Packages that bring in 'starter code'

Sep 21, 2010 at 12:02 AM

One powerful concept that we haven't discussed much is having packages bring in 'starter code' into the project.  You can see this concept coming up a few times in my screencast:

  • The SQL/EF package brings in code that shows how to set up the Default Connection Factory to actually use SQLCE with EF Code Only
  • The EFCTP4 package comes with a sample model so the user discovers how to declare a context (e.g. DbContext/DbSet classes)
  • The Ninject package comes with setup code that can be hooked up in one line in global.axax
  • The NUnit package comes with a couple default tests so teh user can discover the attribute

I have found this to be a huge benefit to actually get the user up and running with the library.  i.e. it's one thing to add the assembly reference and add some config entries, but doing this extra step really makes it super easy to become productive with the package.

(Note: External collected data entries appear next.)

Lemma LambertW_continuous_within k z b S : exp 1 < Cmod z -> is_Arg z b ->
  Arg_continuous_within S z b -> C_continuous_within S (LambertW k) z.
Proof.
  intros Hz Hb Harg eps Heps. assert (Hz0 : 0 < Cmod z) by (pose proof (exp_pos 1); lra).
  destruct (log_lambert_continuous _ _ _ (ln_gt_1 _ Hz) (LambertW_log_lambert k z b Hz Hb) eps Heps)
    as [d Hd].
  destruct (continuity_pt_eps ln (Cmod z) (is_derive_continuity_pt _ _ _ (is_derive_ln _ Hz0))
    d (cond_pos d)) as [d1 [Hd1 Hln]].
  destruct (Harg d (cond_pos d)) as [d2 [Hd2 HArg]].
  set (del := Rmin (Rmin d1 d2) (Cmod z - exp 1)).
  assert (Hdel : 0 < del /\ del <= d1 /\ del <= d2 /\ del <= Cmod z - exp 1)
    by (unfold del, Rmin; repeat destruct Rle_dec; lra).
  exists del. split; [lra |]. intros z' HS Hz'.
  pose proof (Cmod_triangle_inv2 z' z) as Htri. apply Rabs_le_between in Htri.
  destruct (HArg z' HS ltac:(lra)) as [b' [Hb' Hbb']].
  apply (Hd (ln (Cmod z')) (b' + 2 * PI * IZR k)).
  - apply Hln. apply Rabs_lt_between'. lra.
  - now replace (b' + 2 * PI * IZR k - (b + 2 * PI * IZR k)) with (b' - b) by ring.
  - apply LambertW_log_lambert; [lra | exact Hb'].
Qed.

Lemma LambertW_derive_within k z b S : exp 1 < Cmod z -> is_Arg z b ->
  Arg_continuous_within S z b ->
  is_C_derive_within S (LambertW k) z (/ ((1 + LambertW k z) * Cexp (LambertW k z))).
Proof.
  intros Hz Hb Harg. pose proof (LambertW_spec k z Hz) as Hw.
  apply (is_C_derive_within_inverse S (fun w => w * Cexp w)%C); auto.
  - apply is_C_derive_mul_Cexp.
  - apply lambert_derivative_neq_0. now rewrite Hw.
  - exists (Cmod z - exp 1). split; [lra |]. intros z' _ Hz'.
    apply LambertW_spec. pose proof (Cmod_triangle_inv2 z' z) as Htri.
    apply Rabs_le_between in Htri. lra.
  - now apply (LambertW_continuous_within k z b).
Qed.

Theorem theorem4 (k : Z) (z : C) (hz : exp 1 < Cmod z) :
  exists d : C, LambertW_deriv k z d /\
    Cmod d <= / Cmod z * (W0R (Cmod z) / (W0R (Cmod z) - 1)).
Proof.
  assert (Hz0 : 0 < Cmod z) by (pose proof (exp_pos 1); lra).
  exists (/ ((1 + LambertW k z) * Cexp (LambertW k z)))%C. split; [split |].
  - intros [Him Hre].
    apply (is_derive_of_within_line on_neg_real_axis _ _ _ (- Re z)); [lra | |].
    + intros t Ht. apply Rabs_lt_between in Ht. unfold on_neg_real_axis, Re, Im in *. simpl. lra.
    + apply (LambertW_derive_within k z PI); auto.
      * now apply is_Arg_neg_real.
      * apply Arg_continuous_within_neg_real_axis.
  - intros Hoff. destruct (is_Arg_exists z Hz0) as [b Hb].
    apply is_derive_of_within_all, (LambertW_derive_within k z b); auto.
    apply is_Arg_continuous; auto.
    intros ->. now apply Hoff, is_Arg_PI_on_neg_real_axis.
  - pose proof (Cmod_inv_lambert_derivative_le (LambertW k z)) as Hbound.
    rewrite (LambertW_spec k z hz) in Hbound. exact (Hbound hz).
Qed.
(* For any constant $\varepsilon\in(0,\eta)$, let $c_\varepsilon=\min\{2\eta-2\varepsilon,1\}$. Then the set $E_{c_\varepsilon}=\{(x_1,\dots,x_n)\in[0,1]^n:\max_{i,j\in\mathcal V}|x_i-x_j|\ge c_\varepsilon\}$ is finite-time robustly reachable from $[0,1]^n$ under both control protocols (C1) and (C3).
   Context: Fix $n\ge3$, $\mathcal V=\{1,\dots,n\}$, confidence thresholds $r_i\in(0,1]$, belief factors $\omega_i\in(0,1)$, $\eta>0$. States $x(t)\in[0,1]^n$. Neighbor set $\mathcal N_i(t)=\{j:|x_j(t)-x_i(t)|\le r_i\}$ (contains $i$), $\Pi_{[0,1]}(y)=\min\{1,\max\{0,y\}\}$, $x_{\rm ave}(t)=\frac1n\sum_ix_i(t)$. Control protocol (C1): $x_i(t+1)=\Pi_{[0,1]}\big(|\mathcal N_i(t)|^{-1}\sum_{j\in\mathcal N_i(t)}x_j(t)+u_i(t)+b_i(t)\big)$. Control protocol (C3): $x_i(t+1)=\Pi_{[0,1]}\big(\omega_ix_{\rm ave}(t)+\frac{1-\omega_i}{|\mathcal N_i(t)|}\sum_{j\in\mathcal N_i(t)}x_j(t)+u_i(t)+b_i(t)\big)$. Here $\delta_i(t)\in(0,\eta)$ is a chosen parameter, $u_i(t)\in[-\eta+\delta_i(t),\eta-\delta_i(t)]$ a chosen control input, $b_i(t)\in[-\delta_i(t),\delta_i(t)]$ an arbitrary uncertainty; $\delta_i(t),u_i(t)$ may depend on $x(0),\dots,x(t)$. A set $S\subseteq[0,1]^n$ is finite-time robustly reachable from $[0,1]^n$ under a control protocol if there exist constants $T>0$ and $\varepsilon'\in(0,\eta)$, independent of $x(0)$, such that for every $x(0)\in[0,1]^n$, either $x(0)\in S$, or one can choose $\delta_i(t)\in[\varepsilon',\eta)$ and $u_i(t)\in[-\eta+\delta_i(t),\eta-\delta_i(t)]$ for $i\in\mathcal V$, $0\le t<T$, guaranteeing that for arbitrary $b_i(t)\in[-\delta_i(t),\delta_i(t)]$ there is $t\in[1,T]$ with $x(t)\in S$. *)

From Stdlib Require Import Reals List.
Import ListNotations.
Open Scope R_scope.

(* A state is a vector indexed by agents 0..n-1 (entries at i >= n are irrelevant). *)
Definition state := nat -> R.

Definition sumR (l : list nat) (x : state) : R :=
  fold_right (fun j acc => x j + acc) 0 l.

Definition nbrs (n : nat) (r : nat -> R) (x : state) (i : nat) : list nat :=
  filter (fun j => if Rle_dec (Rabs (x j - x i)) (r i) then true else false)
         (seq 0 n).

Definition nbr_avg (n : nat) (r : nat -> R) (x : state) (i : nat) : R :=
  sumR (nbrs n r x i) x / INR (length (nbrs n r x i)).

Definition x_ave (n : nat) (x : state) : R := sumR (seq 0 n) x / INR n.

Definition proj01 (y : R) : R := Rmin 1 (Rmax 0 y).

(* the un-projected, control-free part of the protocols *)
Definition proto_C1 (n : nat) (r : nat -> R) : state -> nat -> R := nbr_avg n r.
Definition proto_C3 (n : nat) (r omega : nat -> R) (x : state) (i : nat) : R :=
  omega i * x_ave n x + (1 - omega i) / INR (length (nbrs n r x i))
                          * sumR (nbrs n r x i) x.

Definition in_cube (n : nat) (x : state) : Prop :=
  forall i, (i < n)%nat -> 0 <= x i <= 1.

Definition max_diff (n : nat) (x : state) : R :=
  fold_right Rmax 0
    (flat_map (fun i => map (fun j => Rabs (x i - x j)) (seq 0 n)) (seq 0 n)).

Definition E_c (n : nat) (c : R) (x : state) : Prop :=
  in_cube n x /\ max_diff n x >= c.

(* History (newest state first) x(k) :: ... :: x(0), generated by the
   protocol f, control input u (a function of the history), and
   uncertainty sequence b. x(k+1)_i = Pi(f(x(k))_i + u_i(k) + b_i(k)). *)
Fixpoint hist (f : state -> nat -> R) (u : list state -> nat -> R)
  (b : nat -> nat -> R) (x0 : state) (k : nat) : list state :=
  match k with
  | O => [x0]
  | S k' => let h := hist f u b x0 k' in
            (fun i => proj01 (f (hd x0 h) i + u h i + b k' i)) :: h
  end.

Definition traj f u b x0 k : state := hd x0 (hist f u b x0 k).

(* Finite-time robust reachability of S from [0,1]^n under protocol f.
   delta and u are feedback policies on the full history x(0..t). *)
Definition robustly_reachable (n : nat) (eta : R) (f : state -> nat -> R)
  (S : state -> Prop) : Prop :=
  exists (T : nat) (eps' : R),
    (0 < T)%nat /\ 0 < eps' < eta /\
    forall x0 : state, in_cube n x0 ->
      S x0 \/
      exists delta u : list state -> nat -> R,
        (forall h i, eps' <= delta h i < eta /\
                     - (eta - delta h i) <= u h i <= eta - delta h i) /\
        forall b : nat -> nat -> R,
          (forall t i, (t < T)%nat -> (i < n)%nat ->
             Rabs (b t i) <= delta (hist f u b x0 t) i) ->
          exists t, (1 <= t <= T)%nat /\ S (traj f u b x0 t).

(* Both protocols are "confined": the uncontrolled update of agent i is a
   convex combination of agents' states, so it stays in every interval
   containing all states.  The controller first uses the clamped input
   clamp (eta - d) (1/2 - f x i), which, whatever the uncertainty, moves every
   agent at least eta - 2d closer to 1/2 until all agents are within d of 1/2.
   In one more step it pushes agent 0 up and agent 1 down by eta - d; with
   d = eps / 3 their distance then becomes at least min (2 eta - 2 eps) 1. *)

From Stdlib Require Import Reals Lra Lia List Arith.
Import ListNotations.
Open Scope R_scope.

Definition clamp (c y : R) : R := Rmax (- c) (Rmin c y).

Definition confined (n : nat) (f : state -> nat -> R) : Prop :=
  forall x a b i, (i < n)%nat ->
    (forall j, (j < n)%nat -> a <= x j <= b) -> a <= f x i <= b.

Ltac solve_piecewise :=
  unfold clamp, proj01, Rmin, Rmax in *;
  repeat destruct Rle_dec; try split_Rabs; lra.

Lemma clamp_range c y : 0 <= c -> - c <= clamp c y <= c.
Proof. intros; solve_piecewise. Qed.

Lemma proj01_range y : 0 <= proj01 y <= 1.
Proof. solve_piecewise. Qed.

Lemma proj01_steer_half v D b d eta :
  0 <= d -> d <= eta - d -> Rabs (v - /2) <= D -> Rabs b <= d ->
  Rabs (proj01 (v + clamp (eta - d) (/2 - v) + b) - /2)
  <= Rmax d (D - (eta - 2 * d)).
Proof. intros; solve_piecewise. Qed.

Lemma proj01_push_apart v0 v1 b0 b1 d eta eps :
  0 < eps < eta -> 0 <= d -> 3 * d <= eps ->
  Rabs (v0 - /2) <= d -> Rabs (v1 - /2) <= d -> Rabs b0 <= d -> Rabs b1 <= d ->
  Rmin (2 * eta - 2 * eps) 1 <=
  Rabs (proj01 (v0 + (eta - d) + b0) - proj01 (v1 + - (eta - d) + b1)).
Proof. intros; solve_piecewise. Qed.

Lemma sumR_bounds l x a b : (forall j, In j l -> a <= x j <= b) ->
  INR (length l) * a <= sumR l x <= INR (length l) * b.
Proof.
  induction l as [|j l IH]; intros Hl; simpl sumR; simpl length.
  - simpl; lra.
  - rewrite S_INR.
    pose proof (Hl j (or_introl eq_refl)).
    pose proof (IH (fun k Hk => Hl k (or_intror Hk))).
    lra.
Qed.

Lemma average_bounds l x a b : l <> [] ->
  (forall j, In j l -> a <= x j <= b) -> a <= sumR l x / INR (length l) <= b.
Proof.
  intros Hne Hl.
  assert (Hlen : 0 < INR (length l)).
  { apply lt_0_INR; destruct l; [congruence | simpl; lia]. }
  destruct (sumR_bounds l x a b Hl).
  split; apply Rmult_le_reg_r with (INR (length l)); auto;
    unfold Rdiv; rewrite Rmult_assoc, Rinv_l by lra; lra.
Qed.

Lemma nbrs_self n r x i : (i < n)%nat -> 0 <= r i -> In i (nbrs n r x i).
Proof.
  intros Hi Hr. apply filter_In. split.
  - apply in_seq; lia.
  - destruct Rle_dec as [|Hnot]; [reflexivity|].
    exfalso; apply Hnot; rewrite Rminus_diag, Rabs_R0; exact Hr.
Qed.

Lemma nbrs_lt n r x i j : In j (nbrs n r x i) -> (j < n)%nat.
Proof. intros Hj; apply filter_In, proj1, in_seq in Hj; lia. Qed.

Lemma nbr_avg_bounds n r x i a b : (i < n)%nat -> 0 <= r i ->
  (forall j, (j < n)%nat -> a <= x j <= b) -> a <= nbr_avg n r x i <= b.
Proof.
  intros Hi Hr Hx. apply average_bounds.
  - intros Hnil; pose proof (nbrs_self n r x i Hi Hr) as Hself.
    rewrite Hnil in Hself; destruct Hself.
  - intros j Hj; apply Hx; exact (nbrs_lt n r x i j Hj).
Qed.

Lemma x_ave_bounds n x a b : (0 < n)%nat ->
  (forall j, (j < n)%nat -> a <= x j <= b) -> a <= x_ave n x <= b.
Proof.
  intros Hn Hx. unfold x_ave. rewrite <- (length_seq n 0) at 2 4.
  apply average_bounds.
  - destruct n; [lia | discriminate].
  - intros j Hj; apply Hx; apply in_seq in Hj; lia.
Qed.

Lemma proto_C1_confined n r :
  (forall i, (i < n)%nat -> 0 <= r i) -> confined n (proto_C1 n r).
Proof. intros Hr x a b i Hi; apply nbr_avg_bounds; auto. Qed.

Lemma proto_C3_confined n r omega :
  (forall i, (i < n)%nat -> 0 <= r i) ->
  (forall i, (i < n)%nat -> 0 < omega i < 1) ->
  confined n (proto_C3 n r omega).
Proof.
  intros Hr Ho x a b i Hi Hx.
  assert (Hlen : 0 < INR (length (nbrs n r x i))).
  { apply lt_0_INR; pose proof (nbrs_self n r x i Hi (Hr i Hi)) as Hself.
    destruct (nbrs n r x i); [destruct Hself | simpl; lia]. }
  pose proof (x_ave_bounds n x a b ltac:(lia) Hx) as Have.
  pose proof (nbr_avg_bounds n r x i a b Hi (Hr i Hi) Hx) as Hnbr.
  unfold nbr_avg in Hnbr. unfold proto_C3.
  replace ((1 - omega i) / INR (length (nbrs n r x i)) * sumR (nbrs n r x i) x)
    with ((1 - omega i) * (sumR (nbrs n r x i) x / INR (length (nbrs n r x i))))
    by (field; lra).
  specialize (Ho i Hi). nra.
Qed.

Lemma confined_near_half n f x i D : confined n f -> (i < n)%nat ->
  (forall j, (j < n)%nat -> Rabs (x j - /2) <= D) -> Rabs (f x i - /2) <= D.
Proof.
  intros Hf Hi Hx.
  assert (/2 - D <= f x i <= /2 + D).
  { apply Hf; auto. intros j Hj; specialize (Hx j Hj); split_Rabs; lra. }
  split_Rabs; lra.
Qed.

Lemma max_diff_ge n x i j : (i < n)%nat -> (j < n)%nat ->
  Rabs (x i - x j) <= max_diff n x.
Proof.
  intros Hi Hj. unfold max_diff.
  assert (Hin : In (Rabs (x i - x j))
     (flat_map (fun i => map (fun j => Rabs (x i - x j)) (seq 0 n)) (seq 0 n))).
  { apply in_flat_map; exists i; split; [apply in_seq; lia|].
    apply in_map_iff; exists j; split; [reflexivity | apply in_seq; lia]. }
  induction (flat_map _ _) as [|c l IH]; [destruct Hin|].
  destruct Hin as [<- | Hin]; simpl; [apply Rmax_l|].
  eapply Rle_trans; [apply IH, Hin | apply Rmax_r].
Qed.

Lemma length_hist f u b x0 k : length (hist f u b x0 k) = S k.
Proof. induction k; simpl; auto. Qed.

Lemma hd_hist f u b x0 k y : hd y (hist f u b x0 k) = traj f u b x0 k.
Proof. destruct k; reflexivity. Qed.

Lemma traj_S f u b x0 k : traj f u b x0 (S k) =
  fun i => proj01 (f (traj f u b x0 k) i + u (hist f u b x0 k) i + b k i).
Proof. unfold traj at 1; simpl; rewrite hd_hist; reflexivity. Qed.

Section Steering.

Variables (n : nat) (f : state -> nat -> R) (K : nat) (eta d : R).

(* The history x(t) :: ... :: x(0) has length t + 1, so steering towards 1/2
   happens at times t < K and the push apart at time K. *)
Definition steer (h : list state) (i : nat) : R :=
  if (length h <=? K)%nat then clamp (eta - d) (/2 - f (hd (fun _ => 0) h) i)
  else if (i =? 0)%nat then eta - d
  else if (i =? 1)%nat then - (eta - d) else 0.

Hypothesis Hf : confined n f.
Hypothesis Hd : 0 <= d.
Hypothesis Hdeta : 2 * d <= eta.

Lemma steer_range h i : - (eta - d) <= steer h i <= eta - d.
Proof.
  unfold steer; destruct (_ <=? K)%nat; [apply clamp_range; lra|].
  destruct (i =? 0)%nat; [lra|]; destruct (i =? 1)%nat; lra.
Qed.

Variables (b : nat -> nat -> R) (x0 : state).

Hypothesis Hb : forall t i, (t <= K)%nat -> (i < n)%nat -> Rabs (b t i) <= d.
Hypothesis Hx0 : in_cube n x0.

Let x k := traj f steer b x0 k.

Lemma steer_near_half k i : (k <= K)%nat -> (i < n)%nat ->
  Rabs (x k i - /2) <= Rmax d (/2 - INR k * (eta - 2 * d)).
Proof.
  revert i; induction k as [|k IH]; intros i Hk Hi.
  - specialize (Hx0 i Hi); unfold x, traj; simpl.
    eapply Rle_trans; [|apply Rmax_r]; split_Rabs; lra.
  - unfold x; rewrite traj_S.
    assert (Hsteer : steer (hist f steer b x0 k) i =
              clamp (eta - d) (/2 - f (x k) i)).
    { unfold steer at 1; rewrite length_hist, hd_hist.
      replace (S k <=? K)%nat with true by (symmetry; apply Nat.leb_le; lia).
      reflexivity. }
    rewrite Hsteer.
    eapply Rle_trans.
    + apply proj01_steer_half; try lra; [|apply Hb; lia].
      apply (confined_near_half n); auto.
      intros j Hj; apply IH; lia.
    + rewrite S_INR; unfold Rmax; repeat destruct Rle_dec; lra.
Qed.

Hypothesis HK : /2 < INR K * (eta - 2 * d).

Lemma steer_pushes_apart eps : 0 < eps < eta -> 3 * d <= eps -> (2 <= n)%nat ->
  Rmin (2 * eta - 2 * eps) 1 <= Rabs (x (S K) 0%nat - x (S K) 1%nat).
Proof.
  intros Heps Hd3 Hn.
  assert (Hnear : forall i, (i < n)%nat -> Rabs (f (x K) i - /2) <= d).
  { intros i Hi; apply (confined_near_half n); auto.
    intros j Hj; eapply Rle_trans; [apply steer_near_half; auto|].
    rewrite Rmax_left; lra. }
  assert (Hpush : forall i, steer (hist f steer b x0 K) i =
     if (i =? 0)%nat then eta - d else if (i =? 1)%nat then - (eta - d) else 0).
  { intros i; unfold steer at 1; rewrite length_hist.
    replace (S K <=? K)%nat with false by (symmetry; apply Nat.leb_gt; lia).
    reflexivity. }
  unfold x; rewrite traj_S, !Hpush; simpl.
  apply (proj01_push_apart _ _ _ _ d eta eps); auto;
    first [apply Hnear | apply Hb]; lia.
Qed.

End Steering.

Lemma confined_reachable n eta eps f :
  (2 <= n)%nat -> 0 < eps < eta -> confined n f ->
  robustly_reachable n eta f (E_c n (Rmin (2 * eta - 2 * eps) 1)).
Proof.
  intros Hn Heps Hf.
  set (d := eps / 3).
  destruct (INR_archimed (eta - 2 * d) (/2) ltac:(unfold d; lra)) as [K HK].
  exists (S K), d; split; [lia|]; split; [unfold d; lra|].
  intros x0 Hx0; right.
  exists (fun _ _ => d), (steer f K eta d); split.
  { intros h i; split; [unfold d; lra | apply steer_range; unfold d; lra]. }
  intros b Hb; exists (S K); split; [lia|]; split.
  - intros i Hi; rewrite traj_S; apply proj01_range.
  - apply Rle_ge; eapply Rle_trans; [|apply (max_diff_ge n _ 0 1); lia].
    apply (steer_pushes_apart n); unfold d in *; auto; try lra.
    intros t i Ht Hi; apply Hb; lia.
Qed.

Theorem lemma4 (n : nat) (r omega : nat -> R) (eta eps : R) :
  (3 <= n)%nat ->
  (forall i, (i < n)%nat -> 0 < r i <= 1) ->
  (forall i, (i < n)%nat -> 0 < omega i < 1) ->
  0 < eta ->
  0 < eps < eta ->
  robustly_reachable n eta (proto_C1 n r) (E_c n (Rmin (2 * eta - 2 * eps) 1)) /\
  robustly_reachable n eta (proto_C3 n r omega) (E_c n (Rmin (2 * eta - 2 * eps) 1)).
Proof.
  intros Hn Hr Ho _ Heps.
  assert (Hr0 : forall i, (i < n)%nat -> 0 <= r i)
    by (intros i Hi; specialize (Hr i Hi); lra).
  split; apply confined_reachable; try lia; auto.
  - apply proto_C1_confined; auto.
  - apply proto_C3_confined; auto.
Qed.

Ideally, we would have a switch that might let users turn this off, though it's easy enough to delete the file if you don't want it.  In a sense, it's like the ASP.NET Project template containing a default.aspx.  It gets you on the right track.

Sep 21, 2010 at 1:04 AM

You are so right on this one.

I think it woukd make sense to make this a supported concept, so if advanced users wanted to disable this behavior they could. Package authors could designate the starter content in their packages. There could also be a flag on add-package so you could turn on example code for a specific package.

Sep 21, 2010 at 2:17 AM

Where it gets tricky is that there is a blurry line between necessary setup logic and sample code.  Consider the progression:

  1. Elmah web.config changes: pure setup
  2. The one line that makes EF code only work with SQLCE: also more fixes setup logic rather that 'sample'
  3. The Ninject starter code: this one is half way.  It contains some necessary glue, but then you need to add your own bindings
  4. The sample NUnit tests and EF model: these are pure sample

So I would say that only #4 would be affected by the samples flag, while the test would always happen.  But it can be blurry...

Coordinator
Sep 21, 2010 at 2:48 AM
Seems simpler to just let the user delete the files. But then again, are there examples where the sample files will be significant in number that we anticipate?

Can you log an issue with this behavior in mind? No matter what we decide for v1, it's worth tracking.
Sep 21, 2010 at 6:53 AM

For the short term, hand deleting the unwanted files is definitely the way to go.  Anything fancier is longer term here.